Key Takeaways: Demonstration by Kumar on the use of this algorithm in conjunction with SVMs, solving two problems with one solution.
7| A Primer On Building And Deploying Scalable Analytical Models In Production
Subramanian MS, the Head of Analytics at BigBasket.com, will reveal his methods to plan a scalable set of tools for ML models. This includes planning a lifecycle for analytical models, a scalable software and hardware layer, along with industry best practices for scalable DevOps.
Key Takeaways: Learn how to scale your startup/entrepreneurial idea effectively at every level from a company undergoing growth at scale.
8| How To Explain ML Models
ML models have been historically difficult to explain or ‘pitch’, owing to the fact that they are black box algorithms. Owing to the increasingly obsolescent state of linear models to solve predictive modelling problems, we are now adopting ML models. This makes it an important part of the evolving corporate setting.
Indranath Mukherjee, the Head of Strategic Analytics at AXA XL, will speak about how the analytics industry has begun to move to ML models for said problems because of their low bias and higher predictive power.
Key Takeaways: Learn how to pitch an idea for an ML model by explaining what is effectively a black box algorithm for use in a business setting from one of the keynote speakers.
9| How AI Is Shaping The Future Of Video Streaming
Over the top streaming has effectively disrupted existing technologies such as cable television, as seen by the meteoric growth of companies such as Netflix. Anubhav Shrivastava, the Head of Product Data Sciences at Voot, will speak about how AI techniques are disrupting this business itself. He will also offer examples of such implementations, such as image and video recognition, recommendation engines, media databases, and metadata generation.
He will also reveal information on plans for intelligent adaptive bitrate streaming, self-reliant marketing automation plans and predicting catastrophic failures.

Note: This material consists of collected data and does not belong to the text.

Lemma sum_eq0_iff_fib (d a b c : int) : 0 < d -> 0 < a -> a * c = d * b ^+ 2 + 1 ->
  a + c + d * b = 0 <->
  d = 5 /\ exists n : nat, ~~ odd n /\
    ((a, b, c) = (Fz n%:Z + Fz (n%:Z - 2), - Fz n%:Z, Fz (n%:Z + 2) + Fz n%:Z) \/
     (a, b, c) = (Fz (n%:Z + 2) + Fz n%:Z, - Fz n%:Z, Fz n%:Z + Fz (n%:Z - 2))).
Proof.
move=> d_gt0 a_gt0 rel; split => [sum0 | [d5 [n [n_even fam]]]]; last first.
  have := fib_triple_sum n_even; rewrite /fib_triple d5.
  by case: fam => -[-> -> ->] /=; lia.
have sum : a + c = d * - b by rewrite mulrN; lia.
have prod : a * c = d * (- b) ^+ 2 + 1 by rewrite sqrrN.
have c_gt0 : 0 < c.
  by rewrite -(pmulr_rgt0 _ a_gt0) rel; have := mulr_ge0 (ltW d_gt0) (sqr_ge0 b); lia.
have B_gt0 : 0 < - b by rewrite -(pmulr_rgt0 _ d_gt0) -sum; lia.
case: (lerP a c) => [le_ac | lt_ca].
- have [d5 [n n_even]] := pell_descent a_gt0 le_ac B_gt0 sum prod.
  rewrite /fib_triple => -[-> eB ->]; split => //; exists n; split => //.
  by left; rewrite -[b]opprK eB.
- have [d5 [n n_even]] :=
    pell_descent c_gt0 (ltW lt_ca) B_gt0 (etrans (addrC _ _) sum) (etrans (mulrC _ _) prod).
  rewrite /fib_triple => -[-> eB ->]; split => //; exists n; split => //.
  by right; rewrite -[b]opprK eB.
Qed.

Theorem theoremA16
  (L : zmodType) (form : L -> L -> int)
  (form_addl : forall x y z, form (x + y) z = form x z + form y z)
  (form_sym : forall x y, form x y = form y x)
  (h : L) (d : nat) (d_gt0 : (0 < d)%N) (hh : form h h = (2 * d)%:Z)
  (a b c : int) (a_gt0 : 0 < a)
  (spherical : mukai_pair form (a, h *~ b, c) (a, h *~ b, c) = -2) :
  (forall x : mukai L,
     tauU form h d%:Z (a, h *~ b, c) (tauU form h d%:Z (a, h *~ b, c) x) = x)
  <->
  (d = 5%N /\
   exists n : nat, ~~ odd n /\
     ((a, b, c) = (Fz n%:Z + Fz (n%:Z - 2), - Fz n%:Z, Fz (n%:Z + 2) + Fz n%:Z)
      \/
      (a, b, c) = (Fz (n%:Z + 2) + Fz n%:Z, - Fz n%:Z, Fz n%:Z + Fz (n%:Z - 2)))).
Proof.
have D_gt0 : 0 < d%:Z by rewrite ltz_nat.
have hh' : form h h = 2 * d%:Z by rewrite hh PoszM.
have rel := spherical_rel form_addl form_sym hh' spherical.
rewrite (tauU_involutive_iff form_addl form_sym hh' D_gt0 a_gt0 rel).
rewrite (sum_eq0_iff_fib D_gt0 a_gt0 rel).
by split=> -[d5 fam]; split=> //; [case: d5 | rewrite d5].
Qed.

Key Takeaways: Take a look into how a quickly growing OTT media platform is utilising AI, and how disruptions can occur in media, along with technical details.

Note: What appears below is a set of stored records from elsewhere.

(* For $v\in\mathbb{C}$ and integers $r\geq0$ define \begin{align*} \rho_r(v)&=\delta_{r,0}-\sum_{m=0}^{2r+1}(-1)^m\binom{v}{2r+1-m}\sum_{k=0}^{m}\frac{(2r+2k)!!}{(-1)^k k!}\mathcal{A}_{m,k}\!\left(\tfrac13,\tfrac14,\tfrac15,\dots\right),\\ \gamma_r(v)&=\sum_{m=0}^{2r}(-1)^m\binom{v}{2r-m}\sum_{k=0}^{m}\frac{(2r+2k-1)!!}{(-1)^k k!}\mathcal{A}_{m,k}\!\left(\tfrac13,\tfrac14,\tfrac15,\dots\right),\\ \tilde\rho_r(v)&=-\sum_{m=0}^{2r+1}\frac{v^{2r+1-m}}{(2r+1-m)!}\sum_{k=0}^{m}\frac{(2r+2k)!!}{(-1)^k k!}\mathcal{A}_{m,k}\!\left(\tfrac1{3!},\tfrac1{4!},\tfrac1{5!},\dots\right),\\ \tilde\gamma_r(v)&=\sum_{m=0}^{2r}\frac{v^{2r-m}}{(2r-m)!}\sum_{k=0}^{m}\frac{(2r+2k-1)!!}{(-1)^k k!}\mathcal{A}_{m,k}\!\left(\tfrac1{3!},\tfrac1{4!},\tfrac1{5!},\dots\right). \end{align*} Then $\rho_0(v)=\tilde\rho_0(v)$, $\gamma_0(v)=\tilde\gamma_0(v)$, and for $r\geq1$, \[ \rho_r(v)=\tilde\rho_r(v)+v\,\tilde\rho_{r-1}(v),\qquad \gamma_r(v)=\tilde\gamma_r(v)+v\,\tilde\gamma_{r-1}(v). \]
   Context: De Moivre polynomial $\mathcal{A}_{n,k}(a_1,a_2,\dots)$: coefficient of $x^n$ in $(a_1x+a_2x^2+\cdots)^k$ (so $\mathcal{A}_{0,0}=1$, $\mathcal{A}_{n,k}=0$ for $n<k$). Double factorial $n!!=n(n-2)\cdots$ down to $1$ or $2$ for $n\geq1$, $0!!=(-1)!!=1$. $\binom{v}{j}=v(v-1)\cdots(v-j+1)/j!$; $\delta_{r,0}$ Kronecker delta. (The $\rho_r(v)$ are the asymptotic expansion coefficients of $\theta_n(v)$ in $\sum_{j=0}^{n+v-1}\frac{n^j}{j!}+\frac{n^{n+v}}{(n+v)!}\theta_n(v)=\frac{e^n}{2}$, and the $\gamma_r(v)$ those of $\Gamma(n+v+1)/(\sqrt{2\pi n}\,n^{n+v}e^{-n})$.) *)

From HB Require Import structures.
From mathcomp Require Import all_boot all_order all_algebra.
From mathcomp Require Import complex.
From mathcomp Require Import reals.
Set Implicit Arguments. Unset Strict Implicit. Unset Printing Implicit Defensive.
Import Order.TTheory GRing.Theory Num.Theory.
Local Open Scope ring_scope.

Fixpoint dfact (n : nat) : nat :=
  match n with
  | 0 => 1
  | 1 => 1
  | (m.+2) as n' => n' * dfact m
  end%N.

Definition gbinom {F : fieldType} (v : F) (j : nat) : F :=
  (\prod_(i < j) (v - i%:R)) / (j`!)%:R.

(* Here a : nat -> F with a j = a_j (a 0 unused).
   Terms of degree > n do not affect the coefficient of x^n, so the series is
   truncated at degree n. *)
Definition deMoivre {F : fieldType} (a : nat -> F) (n k : nat) : F :=
  ((\poly_(i < n.+1) (if i == 0%N then 0 else a i)) ^+ k)`_n.

Definition seqA {F : fieldType} (j : nat) : F := (j.+2)%:R^-1.
Definition seqB {F : fieldType} (j : nat) : F := ((j.+2)`!)%:R^-1.

(* inner sums; the double factorial argument is given as a nat
   (for gamma: 2r+2k-1, with (-1)!! = 1 handled separately) *)
Definition innerRho {F : fieldType} (a : nat -> F) (r m : nat) : F :=
  \sum_(k < m.+1) (dfact (2*r + 2*k))%:R / ((-1) ^+ k * (k`!)%:R) * deMoivre a m k.

(* (2r+2k-1)!! with the convention (-1)!! = 1 *)
Definition dfactm1 (n : nat) : nat := if n is n'.+1 then dfact n' else 1%N.

Definition innerGamma {F : fieldType} (a : nat -> F) (r m : nat) : F :=
  \sum_(k < m.+1) (dfactm1 (2*r + 2*k))%:R / ((-1) ^+ k * (k`!)%:R) * deMoivre a m k.

Definition rho {F : fieldType} (r : nat) (v : F) : F :=
  (if r == 0%N then 1 else 0)
  - \sum_(m < (2*r+1).+1) (-1) ^+ m * gbinom v (2*r + 1 - m) * innerRho seqA r m.

Definition gamma {F : fieldType} (r : nat) (v : F) : F :=
  \sum_(m < (2*r).+1) (-1) ^+ m * gbinom v (2*r - m) * innerGamma seqA r m.

Definition rhot {F : fieldType} (r : nat) (v : F) : F :=
  - \sum_(m < (2*r+1).+1) v ^+ (2*r + 1 - m) / ((2*r + 1 - m)`!)%:R * innerRho seqB r m.

Definition gammat {F : fieldType} (r : nat) (v : F) : F :=
  \sum_(m < (2*r).+1) v ^+ (2*r - m) / ((2*r - m)`!)%:R * innerGamma seqB r m.

From HB Require Import structures.
From mathcomp Require Import all_boot all_order all_algebra.
From mathcomp Require Import complex.
From mathcomp Require Import reals.
From mathcomp.algebra_tactics Require Import ring.
From mathcomp Require Import zify.
Import Order.TTheory GRing.Theory Num.Theory.
Local Open Scope ring_scope.
Set Implicit Arguments. Unset Strict Implicit. Unset Printing Implicit Defensive.

(* Power series are handled through their truncations, polynomials compared
   modulo ['X^n].  Put [P_a(x) = sum_(j >= 1) a_j x^j] and
   [D_s(y) = sum_k (s+2k-1)!! / ((-1)^k k!) y^k = (s-1)!! (1+2y)^(-(s+1)/2)],
   so that [(1+2y) D_s' + (s+1) D_s = 0] and [D_s(y)^2 (1+2y)^(s+1)] is constant.
   The inner sums are the coefficients of [D_s(P_a(x))]; with
   [Phi_s(w) = [x^s] D_s(P_B(x)) e^(w x)] this gives at once
   [gamma~_r = Phi_(2r)(v)] and [rho~_r = - Phi_(2r+1)(v)].
   For the binomial sums, substitute [x = 1 - e^(-t)] in the coefficient
   [[x^s] D_s(P_A(x)) (1-x)^v]: since [-log(1-x) = t], the identities
   [x^2 (1 + 2 P_A(x)) = 2 (-log(1-x) - x)] and
   [t^2 (1 + 2 P_B(-t)) = 2 (e^(-t) - 1 + t)] match [D_s(P_A(x))] with
   [D_s(P_B(-t))] through the square identity, and the coefficient becomes
   [(-1)^s Phi_s(v+1)].  Hence [gamma_r = Phi_(2r)(v+1)] and
   [rho_r = delta_(r,0) - Phi_(2r+1)(v+1)], and the proposition reduces to
   [Phi_(s+2)(w+1) = Phi_(s+2)(w) + w Phi_s(w)], which follows from
   [e^x = 1 + x + x^2 (1 + 2 P_B(x)) / 2] and the differential equations of
   [e^(w x)] and [D_s]. *)

Lemma dvdXp (R : idomainType) (p : {poly R}) : ('X %| p) = (p`_0 == 0).
Proof. by rewrite -(subr0 'X) -polyC0 dvdp_XsubCl rootE horner_coef0. Qed.

Section PolyCoef.
Variable R : comNzRingType.
Implicit Types p q : {poly R}.

Lemma coef0M p q : (p * q)`_0 = p`_0 * q`_0.
Proof. by rewrite -!horner_coef0 hornerM. Qed.

Lemma coef0_exp p k : (p ^+ k)`_0 = p`_0 ^+ k.
Proof. by rewrite -!horner_coef0 horner_exp. Qed.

10| Named Entity Recogniser – Practical Challenges And Strategies
This talk by Mathangi Sri, the Head of Data Science at PhonePe, will reveal how supervised algorithms are solving efficiently most of the classification problems in the text. However, this also comes with its shortcomings, such as entity recognition. Entity recognition is still an area of craft and domain knowledge, thus making Sri’s talk more valuable.
The speech will look at how to handle entity recognition, including the stack of techniques, their applications, strategies and real-life challenges while applying those.
Key Takeaways: An opportunity to gain a skill set regarding entity recognition, a closed field. Examples might be provided in an indigenous setting, seeing as the talk is by PhonePe.